● PROBLEM TO SOLVE: Search the entries below for the string "ordinal" and copy the lines that hold it.
-------- INFORMATION SUPPLIED
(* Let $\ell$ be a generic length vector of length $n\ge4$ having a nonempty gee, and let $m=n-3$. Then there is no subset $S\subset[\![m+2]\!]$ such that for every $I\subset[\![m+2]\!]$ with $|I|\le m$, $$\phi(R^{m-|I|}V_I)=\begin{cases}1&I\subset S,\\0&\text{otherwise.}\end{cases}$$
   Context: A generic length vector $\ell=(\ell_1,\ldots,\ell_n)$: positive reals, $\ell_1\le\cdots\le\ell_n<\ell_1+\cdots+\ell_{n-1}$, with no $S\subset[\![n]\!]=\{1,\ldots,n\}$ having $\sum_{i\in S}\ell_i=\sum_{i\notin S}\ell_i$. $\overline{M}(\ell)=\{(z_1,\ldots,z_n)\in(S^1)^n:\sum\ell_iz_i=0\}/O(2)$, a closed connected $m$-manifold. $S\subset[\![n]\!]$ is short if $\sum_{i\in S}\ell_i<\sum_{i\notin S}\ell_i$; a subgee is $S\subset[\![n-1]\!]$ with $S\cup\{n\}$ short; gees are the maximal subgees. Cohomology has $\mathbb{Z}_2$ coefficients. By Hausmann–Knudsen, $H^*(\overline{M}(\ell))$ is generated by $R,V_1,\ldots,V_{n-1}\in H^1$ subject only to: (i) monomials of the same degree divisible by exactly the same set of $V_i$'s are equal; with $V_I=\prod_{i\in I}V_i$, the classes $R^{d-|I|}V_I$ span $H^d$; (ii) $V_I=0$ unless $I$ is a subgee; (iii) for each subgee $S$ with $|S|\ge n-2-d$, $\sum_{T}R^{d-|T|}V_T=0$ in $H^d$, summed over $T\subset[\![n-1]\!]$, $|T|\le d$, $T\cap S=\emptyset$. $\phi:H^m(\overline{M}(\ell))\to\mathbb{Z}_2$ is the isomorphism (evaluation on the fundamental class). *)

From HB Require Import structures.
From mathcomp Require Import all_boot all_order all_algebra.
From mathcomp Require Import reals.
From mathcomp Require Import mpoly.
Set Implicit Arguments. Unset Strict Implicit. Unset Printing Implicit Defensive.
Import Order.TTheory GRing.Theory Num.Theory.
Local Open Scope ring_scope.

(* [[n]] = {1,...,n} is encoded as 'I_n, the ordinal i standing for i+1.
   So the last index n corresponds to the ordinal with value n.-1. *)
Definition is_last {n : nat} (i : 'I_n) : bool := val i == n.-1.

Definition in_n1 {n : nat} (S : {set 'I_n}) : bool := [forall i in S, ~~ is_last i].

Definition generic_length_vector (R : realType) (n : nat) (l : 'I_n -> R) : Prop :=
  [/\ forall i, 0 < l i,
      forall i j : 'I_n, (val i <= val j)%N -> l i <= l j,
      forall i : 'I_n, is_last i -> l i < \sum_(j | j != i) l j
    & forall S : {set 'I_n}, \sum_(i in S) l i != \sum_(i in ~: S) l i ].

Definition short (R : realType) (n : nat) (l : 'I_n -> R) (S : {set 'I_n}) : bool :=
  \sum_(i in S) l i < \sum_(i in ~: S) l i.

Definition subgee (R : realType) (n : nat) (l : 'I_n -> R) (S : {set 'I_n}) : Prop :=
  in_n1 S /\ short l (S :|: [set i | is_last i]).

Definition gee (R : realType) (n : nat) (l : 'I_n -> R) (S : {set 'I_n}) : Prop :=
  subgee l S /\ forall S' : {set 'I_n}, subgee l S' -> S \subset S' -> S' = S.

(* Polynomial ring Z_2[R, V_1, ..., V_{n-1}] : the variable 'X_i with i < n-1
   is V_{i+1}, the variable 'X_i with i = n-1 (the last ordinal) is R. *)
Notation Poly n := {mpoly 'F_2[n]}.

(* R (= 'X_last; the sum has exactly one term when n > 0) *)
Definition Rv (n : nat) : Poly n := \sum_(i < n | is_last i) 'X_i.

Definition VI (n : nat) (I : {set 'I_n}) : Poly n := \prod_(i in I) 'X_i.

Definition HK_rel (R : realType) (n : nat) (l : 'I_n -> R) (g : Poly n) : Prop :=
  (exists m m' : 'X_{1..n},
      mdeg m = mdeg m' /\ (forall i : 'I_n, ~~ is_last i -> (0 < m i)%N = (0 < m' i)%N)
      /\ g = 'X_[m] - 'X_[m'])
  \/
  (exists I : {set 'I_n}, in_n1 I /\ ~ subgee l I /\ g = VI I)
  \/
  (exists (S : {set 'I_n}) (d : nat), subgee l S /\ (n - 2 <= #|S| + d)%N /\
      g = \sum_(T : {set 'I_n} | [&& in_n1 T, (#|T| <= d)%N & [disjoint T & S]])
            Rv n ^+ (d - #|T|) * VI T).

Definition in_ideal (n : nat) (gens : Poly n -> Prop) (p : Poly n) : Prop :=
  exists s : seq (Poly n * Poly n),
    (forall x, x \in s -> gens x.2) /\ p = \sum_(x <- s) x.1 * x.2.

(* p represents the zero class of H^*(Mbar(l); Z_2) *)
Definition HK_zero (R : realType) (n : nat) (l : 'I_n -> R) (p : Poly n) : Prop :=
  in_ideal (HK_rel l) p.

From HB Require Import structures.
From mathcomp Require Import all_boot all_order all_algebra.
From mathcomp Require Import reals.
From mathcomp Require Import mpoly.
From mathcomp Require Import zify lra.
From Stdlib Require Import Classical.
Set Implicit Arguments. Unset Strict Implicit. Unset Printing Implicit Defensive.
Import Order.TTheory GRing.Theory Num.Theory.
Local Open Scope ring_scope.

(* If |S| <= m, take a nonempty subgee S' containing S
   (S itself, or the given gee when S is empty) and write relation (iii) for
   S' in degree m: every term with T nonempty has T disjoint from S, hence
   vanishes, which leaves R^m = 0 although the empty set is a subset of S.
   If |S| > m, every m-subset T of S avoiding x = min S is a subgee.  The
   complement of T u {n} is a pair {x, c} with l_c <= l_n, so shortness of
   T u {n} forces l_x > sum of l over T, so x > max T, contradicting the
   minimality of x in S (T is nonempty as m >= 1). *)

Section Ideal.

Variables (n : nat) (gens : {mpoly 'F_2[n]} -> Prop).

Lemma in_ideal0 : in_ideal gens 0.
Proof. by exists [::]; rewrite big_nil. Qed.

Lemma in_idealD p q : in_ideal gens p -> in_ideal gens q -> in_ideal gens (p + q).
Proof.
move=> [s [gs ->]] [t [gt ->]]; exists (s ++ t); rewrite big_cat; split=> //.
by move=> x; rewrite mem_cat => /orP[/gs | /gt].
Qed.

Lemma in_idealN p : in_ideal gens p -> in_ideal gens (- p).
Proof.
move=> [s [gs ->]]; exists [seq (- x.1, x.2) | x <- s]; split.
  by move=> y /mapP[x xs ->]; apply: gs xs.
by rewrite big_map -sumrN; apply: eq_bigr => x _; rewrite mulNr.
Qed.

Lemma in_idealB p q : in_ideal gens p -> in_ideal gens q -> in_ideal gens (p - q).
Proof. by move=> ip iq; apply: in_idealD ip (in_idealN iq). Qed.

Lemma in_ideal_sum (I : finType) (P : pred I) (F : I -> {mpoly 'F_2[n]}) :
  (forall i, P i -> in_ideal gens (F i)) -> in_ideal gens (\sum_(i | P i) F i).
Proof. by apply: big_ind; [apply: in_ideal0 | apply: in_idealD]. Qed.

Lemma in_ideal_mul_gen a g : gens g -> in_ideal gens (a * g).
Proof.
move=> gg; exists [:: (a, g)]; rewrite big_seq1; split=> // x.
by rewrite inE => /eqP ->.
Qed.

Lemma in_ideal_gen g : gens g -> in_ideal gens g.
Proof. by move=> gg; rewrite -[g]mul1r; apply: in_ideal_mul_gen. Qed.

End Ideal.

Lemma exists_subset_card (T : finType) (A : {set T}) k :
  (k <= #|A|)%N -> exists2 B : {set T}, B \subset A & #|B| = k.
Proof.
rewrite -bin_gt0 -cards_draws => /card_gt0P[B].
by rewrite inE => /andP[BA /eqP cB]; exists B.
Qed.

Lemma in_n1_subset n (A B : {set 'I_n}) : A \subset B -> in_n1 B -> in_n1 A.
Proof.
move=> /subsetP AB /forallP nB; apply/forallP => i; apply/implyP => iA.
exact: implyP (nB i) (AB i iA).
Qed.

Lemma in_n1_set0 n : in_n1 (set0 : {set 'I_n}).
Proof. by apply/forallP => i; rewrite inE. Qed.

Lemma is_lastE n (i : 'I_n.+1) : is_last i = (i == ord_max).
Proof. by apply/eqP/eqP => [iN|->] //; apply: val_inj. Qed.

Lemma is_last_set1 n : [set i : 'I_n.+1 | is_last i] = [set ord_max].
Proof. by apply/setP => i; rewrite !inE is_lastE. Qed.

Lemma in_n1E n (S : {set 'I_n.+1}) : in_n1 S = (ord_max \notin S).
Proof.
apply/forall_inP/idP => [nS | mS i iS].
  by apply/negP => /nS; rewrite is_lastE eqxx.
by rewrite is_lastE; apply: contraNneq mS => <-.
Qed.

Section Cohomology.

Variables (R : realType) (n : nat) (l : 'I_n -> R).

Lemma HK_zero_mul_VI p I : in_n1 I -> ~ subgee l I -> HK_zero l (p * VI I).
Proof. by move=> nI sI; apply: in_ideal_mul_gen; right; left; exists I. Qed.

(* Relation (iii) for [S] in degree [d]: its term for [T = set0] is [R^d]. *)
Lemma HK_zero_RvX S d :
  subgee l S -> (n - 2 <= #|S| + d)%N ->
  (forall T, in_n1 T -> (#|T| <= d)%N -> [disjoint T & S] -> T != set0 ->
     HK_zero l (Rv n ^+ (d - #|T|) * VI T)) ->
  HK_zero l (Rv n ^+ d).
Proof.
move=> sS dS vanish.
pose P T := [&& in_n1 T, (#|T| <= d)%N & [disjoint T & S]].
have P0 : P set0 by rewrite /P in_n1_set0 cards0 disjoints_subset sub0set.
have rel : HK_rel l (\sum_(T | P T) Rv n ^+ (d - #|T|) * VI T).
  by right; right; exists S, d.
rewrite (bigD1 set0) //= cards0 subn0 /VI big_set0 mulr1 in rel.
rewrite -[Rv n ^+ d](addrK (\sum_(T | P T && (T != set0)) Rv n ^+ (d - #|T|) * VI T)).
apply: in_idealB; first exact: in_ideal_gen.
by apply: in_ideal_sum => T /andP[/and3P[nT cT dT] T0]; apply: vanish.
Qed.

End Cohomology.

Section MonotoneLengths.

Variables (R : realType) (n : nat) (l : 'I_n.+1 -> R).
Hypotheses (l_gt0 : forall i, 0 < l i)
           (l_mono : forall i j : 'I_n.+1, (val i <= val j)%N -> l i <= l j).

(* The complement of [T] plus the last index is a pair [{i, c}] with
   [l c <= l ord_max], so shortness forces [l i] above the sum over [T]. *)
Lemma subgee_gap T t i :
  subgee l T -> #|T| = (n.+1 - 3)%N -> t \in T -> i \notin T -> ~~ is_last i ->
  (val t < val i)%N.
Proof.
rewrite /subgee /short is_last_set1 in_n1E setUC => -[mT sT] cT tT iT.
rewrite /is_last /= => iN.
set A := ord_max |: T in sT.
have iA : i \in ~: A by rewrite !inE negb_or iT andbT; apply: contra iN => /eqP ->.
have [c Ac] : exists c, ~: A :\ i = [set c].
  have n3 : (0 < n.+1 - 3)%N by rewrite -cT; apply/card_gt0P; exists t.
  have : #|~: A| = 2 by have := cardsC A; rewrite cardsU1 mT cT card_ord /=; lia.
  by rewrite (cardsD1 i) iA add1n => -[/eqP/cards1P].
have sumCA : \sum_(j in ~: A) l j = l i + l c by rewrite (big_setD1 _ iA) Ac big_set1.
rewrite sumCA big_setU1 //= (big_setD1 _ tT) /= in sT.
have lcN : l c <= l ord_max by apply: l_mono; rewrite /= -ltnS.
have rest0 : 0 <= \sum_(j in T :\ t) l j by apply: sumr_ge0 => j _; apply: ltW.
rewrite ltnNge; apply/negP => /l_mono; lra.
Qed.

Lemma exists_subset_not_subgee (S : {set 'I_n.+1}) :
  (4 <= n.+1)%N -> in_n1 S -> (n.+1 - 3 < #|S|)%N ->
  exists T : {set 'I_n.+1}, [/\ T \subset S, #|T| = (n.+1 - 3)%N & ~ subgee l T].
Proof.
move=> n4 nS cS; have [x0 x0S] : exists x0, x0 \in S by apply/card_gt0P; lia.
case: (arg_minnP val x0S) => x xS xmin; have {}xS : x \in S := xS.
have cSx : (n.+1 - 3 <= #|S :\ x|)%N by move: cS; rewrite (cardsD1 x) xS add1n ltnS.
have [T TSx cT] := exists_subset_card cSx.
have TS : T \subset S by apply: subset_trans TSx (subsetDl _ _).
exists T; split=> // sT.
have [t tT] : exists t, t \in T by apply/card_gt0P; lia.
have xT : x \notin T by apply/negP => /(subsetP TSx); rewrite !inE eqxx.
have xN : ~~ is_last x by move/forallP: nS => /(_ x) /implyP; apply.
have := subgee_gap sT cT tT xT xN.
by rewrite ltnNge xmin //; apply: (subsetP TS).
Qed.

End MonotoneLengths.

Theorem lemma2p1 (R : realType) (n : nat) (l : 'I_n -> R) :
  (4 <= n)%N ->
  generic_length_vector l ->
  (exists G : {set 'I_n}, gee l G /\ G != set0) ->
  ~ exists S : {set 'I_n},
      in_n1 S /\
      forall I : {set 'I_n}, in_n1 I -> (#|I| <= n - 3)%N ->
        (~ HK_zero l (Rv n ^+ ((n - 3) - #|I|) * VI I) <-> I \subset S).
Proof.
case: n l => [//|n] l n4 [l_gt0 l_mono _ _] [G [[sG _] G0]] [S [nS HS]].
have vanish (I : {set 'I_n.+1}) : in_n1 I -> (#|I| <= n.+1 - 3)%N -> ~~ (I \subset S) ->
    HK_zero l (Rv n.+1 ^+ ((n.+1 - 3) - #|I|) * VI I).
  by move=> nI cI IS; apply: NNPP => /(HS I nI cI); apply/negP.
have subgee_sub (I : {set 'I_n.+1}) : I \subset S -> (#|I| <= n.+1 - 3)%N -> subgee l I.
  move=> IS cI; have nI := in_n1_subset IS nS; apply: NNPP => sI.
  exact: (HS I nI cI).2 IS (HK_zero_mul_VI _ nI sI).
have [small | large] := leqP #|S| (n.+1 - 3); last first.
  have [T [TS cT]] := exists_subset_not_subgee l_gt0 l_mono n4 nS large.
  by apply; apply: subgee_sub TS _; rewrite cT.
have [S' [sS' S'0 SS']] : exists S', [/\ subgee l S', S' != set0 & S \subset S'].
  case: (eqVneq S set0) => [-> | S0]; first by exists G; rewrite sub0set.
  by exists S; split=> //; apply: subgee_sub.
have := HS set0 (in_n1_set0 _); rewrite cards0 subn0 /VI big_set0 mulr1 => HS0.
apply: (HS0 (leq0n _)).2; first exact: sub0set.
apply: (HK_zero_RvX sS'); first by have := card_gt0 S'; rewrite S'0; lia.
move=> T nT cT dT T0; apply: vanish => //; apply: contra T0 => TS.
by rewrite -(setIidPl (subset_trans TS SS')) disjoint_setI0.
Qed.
----------------
● FINISHED EXERCISE:
(* [[n]] = {1,...,n} is encoded as 'I_n, the ordinal i standing for i+1.
   So the last index n corresponds to the ordinal with value n.-1. *)
   is V_{i+1}, the variable 'X_i with i = n-1 (the last ordinal) is R. *)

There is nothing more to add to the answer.